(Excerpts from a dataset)
= = =

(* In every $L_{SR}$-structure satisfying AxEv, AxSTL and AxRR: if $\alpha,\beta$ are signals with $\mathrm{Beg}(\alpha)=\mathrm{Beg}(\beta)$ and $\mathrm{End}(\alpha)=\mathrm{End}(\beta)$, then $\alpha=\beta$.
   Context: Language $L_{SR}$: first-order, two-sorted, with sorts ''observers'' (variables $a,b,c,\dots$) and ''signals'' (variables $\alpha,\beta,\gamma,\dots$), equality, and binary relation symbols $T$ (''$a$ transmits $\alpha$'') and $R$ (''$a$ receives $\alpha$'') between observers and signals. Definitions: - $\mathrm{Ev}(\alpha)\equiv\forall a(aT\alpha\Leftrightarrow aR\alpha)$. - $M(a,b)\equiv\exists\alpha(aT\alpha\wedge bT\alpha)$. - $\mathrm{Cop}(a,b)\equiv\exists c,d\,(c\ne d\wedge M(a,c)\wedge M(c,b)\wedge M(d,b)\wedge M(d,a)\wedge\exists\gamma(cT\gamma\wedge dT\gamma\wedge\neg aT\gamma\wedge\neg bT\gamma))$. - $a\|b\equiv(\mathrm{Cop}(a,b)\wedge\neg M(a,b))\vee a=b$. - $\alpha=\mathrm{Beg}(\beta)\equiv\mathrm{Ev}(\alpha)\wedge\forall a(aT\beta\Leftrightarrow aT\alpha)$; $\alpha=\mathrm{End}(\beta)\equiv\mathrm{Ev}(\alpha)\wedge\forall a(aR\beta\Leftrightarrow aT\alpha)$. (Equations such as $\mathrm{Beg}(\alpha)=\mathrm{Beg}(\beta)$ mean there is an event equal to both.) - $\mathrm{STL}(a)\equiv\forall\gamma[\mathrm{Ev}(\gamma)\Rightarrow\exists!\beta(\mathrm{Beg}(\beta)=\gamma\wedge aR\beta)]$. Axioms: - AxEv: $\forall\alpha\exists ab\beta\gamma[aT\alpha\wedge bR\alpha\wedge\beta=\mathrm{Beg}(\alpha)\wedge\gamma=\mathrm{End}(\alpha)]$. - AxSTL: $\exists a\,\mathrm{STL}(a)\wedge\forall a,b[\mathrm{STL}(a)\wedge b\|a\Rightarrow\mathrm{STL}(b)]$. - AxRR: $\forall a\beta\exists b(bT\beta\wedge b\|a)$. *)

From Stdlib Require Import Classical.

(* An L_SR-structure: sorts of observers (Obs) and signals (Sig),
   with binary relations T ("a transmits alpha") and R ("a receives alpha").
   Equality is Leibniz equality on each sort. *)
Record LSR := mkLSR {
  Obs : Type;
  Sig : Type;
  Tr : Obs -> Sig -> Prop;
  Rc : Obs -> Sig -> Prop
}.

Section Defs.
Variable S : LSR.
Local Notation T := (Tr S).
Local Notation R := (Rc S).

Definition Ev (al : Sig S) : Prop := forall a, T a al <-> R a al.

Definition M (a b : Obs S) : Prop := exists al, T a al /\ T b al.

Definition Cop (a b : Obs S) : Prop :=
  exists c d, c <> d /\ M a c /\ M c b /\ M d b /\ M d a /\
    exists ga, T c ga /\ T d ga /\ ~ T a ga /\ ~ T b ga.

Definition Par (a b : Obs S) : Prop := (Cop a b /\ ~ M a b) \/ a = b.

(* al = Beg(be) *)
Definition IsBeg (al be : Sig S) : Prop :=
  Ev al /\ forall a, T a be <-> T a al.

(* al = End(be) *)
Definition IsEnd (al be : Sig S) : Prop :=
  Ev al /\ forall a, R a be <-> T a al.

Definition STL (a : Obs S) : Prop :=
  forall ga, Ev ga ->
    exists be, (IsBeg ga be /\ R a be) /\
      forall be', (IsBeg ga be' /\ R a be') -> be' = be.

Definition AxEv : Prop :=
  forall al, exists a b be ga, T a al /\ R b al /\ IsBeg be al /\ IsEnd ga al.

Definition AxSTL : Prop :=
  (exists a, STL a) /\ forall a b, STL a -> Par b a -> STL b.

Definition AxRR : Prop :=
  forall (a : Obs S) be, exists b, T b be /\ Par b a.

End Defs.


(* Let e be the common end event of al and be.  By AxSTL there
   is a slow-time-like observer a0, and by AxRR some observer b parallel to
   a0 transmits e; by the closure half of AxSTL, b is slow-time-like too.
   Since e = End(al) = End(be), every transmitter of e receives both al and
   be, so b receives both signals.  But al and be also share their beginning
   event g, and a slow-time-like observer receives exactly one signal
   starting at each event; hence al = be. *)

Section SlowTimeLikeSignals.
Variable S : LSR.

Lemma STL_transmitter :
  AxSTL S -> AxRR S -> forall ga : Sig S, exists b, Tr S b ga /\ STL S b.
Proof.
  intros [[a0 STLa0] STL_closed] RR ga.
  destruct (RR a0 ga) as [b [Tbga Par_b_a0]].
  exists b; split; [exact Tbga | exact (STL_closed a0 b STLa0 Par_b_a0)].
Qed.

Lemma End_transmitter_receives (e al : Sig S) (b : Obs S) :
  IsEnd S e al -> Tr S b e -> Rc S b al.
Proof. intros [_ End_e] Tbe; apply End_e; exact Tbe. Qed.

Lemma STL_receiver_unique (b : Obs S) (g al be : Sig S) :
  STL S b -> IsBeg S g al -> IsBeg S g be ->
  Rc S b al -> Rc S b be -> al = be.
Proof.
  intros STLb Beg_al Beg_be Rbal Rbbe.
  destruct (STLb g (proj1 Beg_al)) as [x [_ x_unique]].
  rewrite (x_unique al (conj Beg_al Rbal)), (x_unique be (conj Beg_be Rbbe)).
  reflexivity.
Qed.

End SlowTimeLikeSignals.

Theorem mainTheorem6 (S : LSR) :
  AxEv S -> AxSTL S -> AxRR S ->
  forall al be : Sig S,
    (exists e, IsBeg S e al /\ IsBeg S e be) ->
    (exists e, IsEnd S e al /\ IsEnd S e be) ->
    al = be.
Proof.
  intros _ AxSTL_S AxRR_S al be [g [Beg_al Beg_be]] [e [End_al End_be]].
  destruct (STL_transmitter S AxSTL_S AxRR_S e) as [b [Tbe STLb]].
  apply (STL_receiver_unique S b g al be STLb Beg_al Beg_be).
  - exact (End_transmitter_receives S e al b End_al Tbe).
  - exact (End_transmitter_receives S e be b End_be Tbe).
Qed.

= = =

(What is needed) Write out every line of the data exactly, leaving nothing out.

(Problem solution)
(* In every $L_{SR}$-structure satisfying AxEv, AxSTL and AxRR: if $\alpha,\beta$ are signals with $\mathrm{Beg}(\alpha)=\mathrm{Beg}(\beta)$ and $\mathrm{End}(\alpha)=\mathrm{End}(\beta)$, then $\alpha=\beta$.
   Context: Language $L_{SR}$: first-order, two-sorted, with sorts ''observers'' (variables $a,b,c,\dots$) and ''signals'' (variables $\alpha,\beta,\gamma,\dots$), equality, and binary relation symbols $T$ (''$a$ transmits $\alpha$'') and $R$ (''$a$ receives $\alpha$'') between observers and signals. Definitions: - $\mathrm{Ev}(\alpha)\equiv\forall a(aT\alpha\Leftrightarrow aR\alpha)$. - $M(a,b)\equiv\exists\alpha(aT\alpha\wedge bT\alpha)$. - $\mathrm{Cop}(a,b)\equiv\exists c,d\,(c\ne d\wedge M(a,c)\wedge M(c,b)\wedge M(d,b)\wedge M(d,a)\wedge\exists\gamma(cT\gamma\wedge dT\gamma\wedge\neg aT\gamma\wedge\neg bT\gamma))$. - $a\|b\equiv(\mathrm{Cop}(a,b)\wedge\neg M(a,b))\vee a=b$. - $\alpha=\mathrm{Beg}(\beta)\equiv\mathrm{Ev}(\alpha)\wedge\forall a(aT\beta\Leftrightarrow aT\alpha)$; $\alpha=\mathrm{End}(\beta)\equiv\mathrm{Ev}(\alpha)\wedge\forall a(aR\beta\Leftrightarrow aT\alpha)$. (Equations such as $\mathrm{Beg}(\alpha)=\mathrm{Beg}(\beta)$ mean there is an event equal to both.) - $\mathrm{STL}(a)\equiv\forall\gamma[\mathrm{Ev}(\gamma)\Rightarrow\exists!\beta(\mathrm{Beg}(\beta)=\gamma\wedge aR\beta)]$. Axioms: - AxEv: $\forall\alpha\exists ab\beta\gamma[aT\alpha\wedge bR\alpha\wedge\beta=\mathrm{Beg}(\alpha)\wedge\gamma=\mathrm{End}(\alpha)]$. - AxSTL: $\exists a\,\mathrm{STL}(a)\wedge\forall a,b[\mathrm{STL}(a)\wedge b\|a\Rightarrow\mathrm{STL}(b)]$. - AxRR: $\forall a\beta\exists b(bT\beta\wedge b\|a)$. *)

From Stdlib Require Import Classical.

(* An L_SR-structure: sorts of observers (Obs) and signals (Sig),
   with binary relations T ("a transmits alpha") and R ("a receives alpha").
   Equality is Leibniz equality on each sort. *)
Record LSR := mkLSR {
  Obs : Type;
  Sig : Type;
  Tr : Obs -> Sig -> Prop;
  Rc : Obs -> Sig -> Prop
}.

Section Defs.
Variable S : LSR.
Local Notation T := (Tr S).
Local Notation R := (Rc S).

Definition Ev (al : Sig S) : Prop := forall a, T a al <-> R a al.

Definition M (a b : Obs S) : Prop := exists al, T a al /\ T b al.

Definition Cop (a b : Obs S) : Prop :=
  exists c d, c <> d /\ M a c /\ M c b /\ M d b /\ M d a /\
    exists ga, T c ga /\ T d ga /\ ~ T a ga /\ ~ T b ga.

Definition Par (a b : Obs S) : Prop := (Cop a b /\ ~ M a b) \/ a = b.

(* al = Beg(be) *)
Definition IsBeg (al be : Sig S) : Prop :=
  Ev al /\ forall a, T a be <-> T a al.

(* al = End(be) *)
Definition IsEnd (al be : Sig S) : Prop :=
  Ev al /\ forall a, R a be <-> T a al.

Definition STL (a : Obs S) : Prop :=
  forall ga, Ev ga ->
    exists be, (IsBeg ga be /\ R a be) /\
      forall be', (IsBeg ga be' /\ R a be') -> be' = be.

Definition AxEv : Prop :=
  forall al, exists a b be ga, T a al /\ R b al /\ IsBeg be al /\ IsEnd ga al.

Definition AxSTL : Prop :=
  (exists a, STL a) /\ forall a b, STL a -> Par b a -> STL b.

Definition AxRR : Prop :=
  forall (a : Obs S) be, exists b, T b be /\ Par b a.

End Defs.


(* Let e be the common end event of al and be.  By AxSTL there
   is a slow-time-like observer a0, and by AxRR some observer b parallel to
   a0 transmits e; by the closure half of AxSTL, b is slow-time-like too.
   Since e = End(al) = End(be), every transmitter of e receives both al and
   be, so b receives both signals.  But al and be also share their beginning
   event g, and a slow-time-like observer receives exactly one signal
   starting at each event; hence al = be. *)

Section SlowTimeLikeSignals.
Variable S : LSR.

Lemma STL_transmitter :
  AxSTL S -> AxRR S -> forall ga : Sig S, exists b, Tr S b ga /\ STL S b.
Proof.
  intros [[a0 STLa0] STL_closed] RR ga.
  destruct (RR a0 ga) as [b [Tbga Par_b_a0]].
  exists b; split; [exact Tbga | exact (STL_closed a0 b STLa0 Par_b_a0)].
Qed.

Lemma End_transmitter_receives (e al : Sig S) (b : Obs S) :
  IsEnd S e al -> Tr S b e -> Rc S b al.
Proof. intros [_ End_e] Tbe; apply End_e; exact Tbe. Qed.

Lemma STL_receiver_unique (b : Obs S) (g al be : Sig S) :
  STL S b -> IsBeg S g al -> IsBeg S g be ->
  Rc S b al -> Rc S b be -> al = be.
Proof.
  intros STLb Beg_al Beg_be Rbal Rbbe.
  destruct (STLb g (proj1 Beg_al)) as [x [_ x_unique]].
  rewrite (x_unique al (conj Beg_al Rbal)), (x_unique be (conj Beg_be Rbbe)).
  reflexivity.
Qed.

End SlowTimeLikeSignals.

Theorem mainTheorem6 (S : LSR) :
  AxEv S -> AxSTL S -> AxRR S ->
  forall al be : Sig S,
    (exists e, IsBeg S e al /\ IsBeg S e be) ->
    (exists e, IsEnd S e al /\ IsEnd S e be) ->
    al = be.
Proof.
  intros _ AxSTL_S AxRR_S al be [g [Beg_al Beg_be]] [e [End_al End_be]].
  destruct (STL_transmitter S AxSTL_S AxRR_S e) as [b [Tbe STLb]].
  apply (STL_receiver_unique S b g al be STLb Beg_al Beg_be).
  - exact (End_transmitter_receives S e al b End_al Tbe).
  - exact (End_transmitter_receives S e be b End_be Tbe).
Qed.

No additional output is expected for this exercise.